Problem: The full set of entries below should be transcribed exactly.

Raw data:

(* Let $G$ be a graph and $k\in\mathbb{N}$. If $\mathcal{D}$ is a $k$-tight tree-partition of $G$ that has a $k$-splittable torso, then there is a $k$-tight tree-partition $\mathcal{D}'$ of $G$ with $\mathbf{w}(\mathcal{D}')<\mathbf{w}(\mathcal{D})$.
   Context: All graphs are finite, undirected, loopless, may have parallel edges; degrees count edges with multiplicity and $\Delta(H)$ is the maximum degree of $H$. A tree-partition of $G$ is a pair $(T,\mathcal{B})$ with $T$ a tree and $\mathcal{B}=\{B_t: t\in V(T)\}$ a family of pairwise disjoint, possibly empty, subsets of $V(G)$ whose union is $V(G)$. For $e\in E(T)$, with $T_1,T_2$ the components of $T-e$ and $V_i=\bigcup_{t\in V(T_i)}B_t$, $\mathbf{cross}(e)$ is the set of edges of $G$ between $V_1$ and $V_2$; the adhesion is $\max_{e\in E(T)}|\mathbf{cross}(e)|$. For $t\in V(T)$, with $T_1,\dots,T_q$ the components of $T-t$, the torso $Z_t$ is obtained from $G$ by identifying, for each $i$, all vertices of $\bigcup_{h\in V(T_i)}B_h$ into a single new vertex (a satellite), keeping parallel edges and deleting loops. The strength of the tree-partition is $\min_{t\in V(T)}\Delta(Z_t)$. A tree-partition is $k$-tight if its adhesion is at most $k$ and its strength is at least $k+1$. A torso $Z_t$ is $k$-splittable if it has a cut $(X,V(Z_t)\setminus X)$ with at most $k$ crossing edges such that both $X$ and $V(Z_t)\setminus X$ contain a vertex of degree at least $k+1$ in $Z_t$. For a tree-partition $\mathcal{D}$, $\mathbf{s}_{\mathcal{D}}(t)$ is the number of vertices of $B_t$ of degree at least $k+1$ in $G$, and $\mathbf{w}(\mathcal{D})=\sum_{t\in V(T)}(\mathbf{s}_{\mathcal{D}}(t)-1)$. *)

From HB Require Import structures.
From mathcomp Require Import all_boot all_order all_algebra.
Set Implicit Arguments. Unset Strict Implicit. Unset Printing Implicit Defensive.
Import Order.TTheory GRing.Theory Num.Theory.

(* A finite loopless multigraph on vertex type V is given by an edge
   multiplicity function m : V -> V -> nat (m u v = number of parallel
   edges between u and v). *)
Definition multigraph (V : finType) (m : V -> V -> nat) : Prop :=
  (forall u v, m u v = m v u) /\ (forall u, m u u = 0%N).

Definition degG (V : finType) (m : V -> V -> nat) (v : V) : nat :=
  \sum_(u : V) m v u.

(* A (finite, nonempty) tree: a symmetric irreflexive relation that is
   connected and has exactly #|T| - 1 edges (2 * (#|T|-1) ordered pairs). *)
Definition is_tree (T : finType) (tE : rel T) : Prop :=
  [/\ symmetric tE, irreflexive tE, (0 < #|T|)%N,
      (forall x y, connect tE x y) &
      #|[set p : T * T | tE p.1 p.2]| = (2 * (#|T| - 1))%N].

Definition tree_partition (V T : finType) (tE : rel T) (B : T -> {set V}) : Prop :=
  [/\ is_tree tE,
      (forall t t', t != t' -> [disjoint B t & B t']) &
      (forall v : V, exists t, v \in B t)].

Section TreePartition.
Variables (V T : finType) (m : V -> V -> nat) (k : nat)
          (tE : rel T) (B : T -> {set V}).

Definition tE_minus_edge (a b : T) : rel T :=
  fun x y => tE x y && ~~ (((x == a) && (y == b)) || ((x == b) && (y == a))).

Definition side (a b c : T) : {set V} :=
  [set v | [exists h, (v \in B h) && connect (tE_minus_edge a b) c h]].

Definition cross (a b : T) : nat :=
  \sum_(u in side a b a) \sum_(v in side a b b) m u v.

Definition adhesion : nat := \max_(p : T * T | tE p.1 p.2) cross p.1 p.2.

Definition tE_del (t : T) : rel T := fun x y => [&& tE x y, x != t & y != t].

(* Torso Z_t: vertex set = B_t (inl w) plus one satellite per component of
   T - t; the component is represented by its unique neighbour s of t (inr s). *)
Definition torso_vert (t : T) (x : V + T) : bool :=
  match x with inl w => w \in B t | inr s => tE t s end.

Definition cls (t : T) (x : V + T) : {set V} :=
  match x with
  | inl w => if w \in B t then [set w] else set0
  | inr s => if tE t s then
               [set v | [exists h, (v \in B h) && connect (tE_del t) s h]]
             else set0
  end.

Definition tmult (t : T) (x y : V + T) : nat :=
  if x == y then 0%N else \sum_(u in cls t x) \sum_(v in cls t y) m u v.

Definition tdeg (t : T) (x : V + T) : nat :=
  \sum_(y | torso_vert t y) tmult t x y.

Definition tDelta (t : T) : nat := \max_(x | torso_vert t x) tdeg t x.

(* strength >= k+1, i.e. min_t Delta(Z_t) >= k+1 (T is nonempty) *)
Definition k_tight : Prop :=
  (adhesion <= k)%N /\ (forall t, (k.+1 <= tDelta t)%N).

Definition k_splittable (t : T) : Prop :=
  exists X : {set V + T},
    [/\ (\sum_(x | torso_vert t x && (x \in X))
          \sum_(y | torso_vert t y && (y \notin X)) tmult t x y <= k)%N,
        (exists x, [/\ torso_vert t x, x \in X & (k < tdeg t x)%N]) &
        (exists y, [/\ torso_vert t y, y \notin X & (k < tdeg t y)%N])].

(* s_D(t) and w(D) (an integer, since s_D(t) - 1 may be -1) *)
Definition sD (t : T) : nat := #|[set v in B t | (k < degG m v)%N]|.

Definition wD : int := (\sum_(t : T) ((sD t)%:Z - 1))%R.

End TreePartition.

Exercise answer:
(* Let $G$ be a graph and $k\in\mathbb{N}$. If $\mathcal{D}$ is a $k$-tight tree-partition of $G$ that has a $k$-splittable torso, then there is a $k$-tight tree-partition $\mathcal{D}'$ of $G$ with $\mathbf{w}(\mathcal{D}')<\mathbf{w}(\mathcal{D})$.
   Context: All graphs are finite, undirected, loopless, may have parallel edges; degrees count edges with multiplicity and $\Delta(H)$ is the maximum degree of $H$. A tree-partition of $G$ is a pair $(T,\mathcal{B})$ with $T$ a tree and $\mathcal{B}=\{B_t: t\in V(T)\}$ a family of pairwise disjoint, possibly empty, subsets of $V(G)$ whose union is $V(G)$. For $e\in E(T)$, with $T_1,T_2$ the components of $T-e$ and $V_i=\bigcup_{t\in V(T_i)}B_t$, $\mathbf{cross}(e)$ is the set of edges of $G$ between $V_1$ and $V_2$; the adhesion is $\max_{e\in E(T)}|\mathbf{cross}(e)|$. For $t\in V(T)$, with $T_1,\dots,T_q$ the components of $T-t$, the torso $Z_t$ is obtained from $G$ by identifying, for each $i$, all vertices of $\bigcup_{h\in V(T_i)}B_h$ into a single new vertex (a satellite), keeping parallel edges and deleting loops. The strength of the tree-partition is $\min_{t\in V(T)}\Delta(Z_t)$. A tree-partition is $k$-tight if its adhesion is at most $k$ and its strength is at least $k+1$. A torso $Z_t$ is $k$-splittable if it has a cut $(X,V(Z_t)\setminus X)$ with at most $k$ crossing edges such that both $X$ and $V(Z_t)\setminus X$ contain a vertex of degree at least $k+1$ in $Z_t$. For a tree-partition $\mathcal{D}$, $\mathbf{s}_{\mathcal{D}}(t)$ is the number of vertices of $B_t$ of degree at least $k+1$ in $G$, and $\mathbf{w}(\mathcal{D})=\sum_{t\in V(T)}(\mathbf{s}_{\mathcal{D}}(t)-1)$. *)

From HB Require Import structures.
From mathcomp Require Import all_boot all_order all_algebra.
Set Implicit Arguments. Unset Strict Implicit. Unset Printing Implicit Defensive.
Import Order.TTheory GRing.Theory Num.Theory.

(* A finite loopless multigraph on vertex type V is given by an edge
   multiplicity function m : V -> V -> nat (m u v = number of parallel
   edges between u and v). *)
Definition multigraph (V : finType) (m : V -> V -> nat) : Prop :=
  (forall u v, m u v = m v u) /\ (forall u, m u u = 0%N).

Definition degG (V : finType) (m : V -> V -> nat) (v : V) : nat :=
  \sum_(u : V) m v u.

(* A (finite, nonempty) tree: a symmetric irreflexive relation that is
   connected and has exactly #|T| - 1 edges (2 * (#|T|-1) ordered pairs). *)
Definition is_tree (T : finType) (tE : rel T) : Prop :=
  [/\ symmetric tE, irreflexive tE, (0 < #|T|)%N,
      (forall x y, connect tE x y) &
      #|[set p : T * T | tE p.1 p.2]| = (2 * (#|T| - 1))%N].

Definition tree_partition (V T : finType) (tE : rel T) (B : T -> {set V}) : Prop :=
  [/\ is_tree tE,
      (forall t t', t != t' -> [disjoint B t & B t']) &
      (forall v : V, exists t, v \in B t)].

Section TreePartition.
Variables (V T : finType) (m : V -> V -> nat) (k : nat)
          (tE : rel T) (B : T -> {set V}).

Definition tE_minus_edge (a b : T) : rel T :=
  fun x y => tE x y && ~~ (((x == a) && (y == b)) || ((x == b) && (y == a))).

Definition side (a b c : T) : {set V} :=
  [set v | [exists h, (v \in B h) && connect (tE_minus_edge a b) c h]].

Definition cross (a b : T) : nat :=
  \sum_(u in side a b a) \sum_(v in side a b b) m u v.

Definition adhesion : nat := \max_(p : T * T | tE p.1 p.2) cross p.1 p.2.

Definition tE_del (t : T) : rel T := fun x y => [&& tE x y, x != t & y != t].

(* Torso Z_t: vertex set = B_t (inl w) plus one satellite per component of
   T - t; the component is represented by its unique neighbour s of t (inr s). *)
Definition torso_vert (t : T) (x : V + T) : bool :=
  match x with inl w => w \in B t | inr s => tE t s end.

Definition cls (t : T) (x : V + T) : {set V} :=
  match x with
  | inl w => if w \in B t then [set w] else set0
  | inr s => if tE t s then
               [set v | [exists h, (v \in B h) && connect (tE_del t) s h]]
             else set0
  end.

Definition tmult (t : T) (x y : V + T) : nat :=
  if x == y then 0%N else \sum_(u in cls t x) \sum_(v in cls t y) m u v.

Definition tdeg (t : T) (x : V + T) : nat :=
  \sum_(y | torso_vert t y) tmult t x y.

Definition tDelta (t : T) : nat := \max_(x | torso_vert t x) tdeg t x.

(* strength >= k+1, i.e. min_t Delta(Z_t) >= k+1 (T is nonempty) *)
Definition k_tight : Prop :=
  (adhesion <= k)%N /\ (forall t, (k.+1 <= tDelta t)%N).

Definition k_splittable (t : T) : Prop :=
  exists X : {set V + T},
    [/\ (\sum_(x | torso_vert t x && (x \in X))
          \sum_(y | torso_vert t y && (y \notin X)) tmult t x y <= k)%N,
        (exists x, [/\ torso_vert t x, x \in X & (k < tdeg t x)%N]) &
        (exists y, [/\ torso_vert t y, y \notin X & (k < tdeg t y)%N])].

(* s_D(t) and w(D) (an integer, since s_D(t) - 1 may be -1) *)
Definition sD (t : T) : nat := #|[set v in B t | (k < degG m v)%N]|.

Definition wD : int := (\sum_(t : T) ((sD t)%:Z - 1))%R.

End TreePartition.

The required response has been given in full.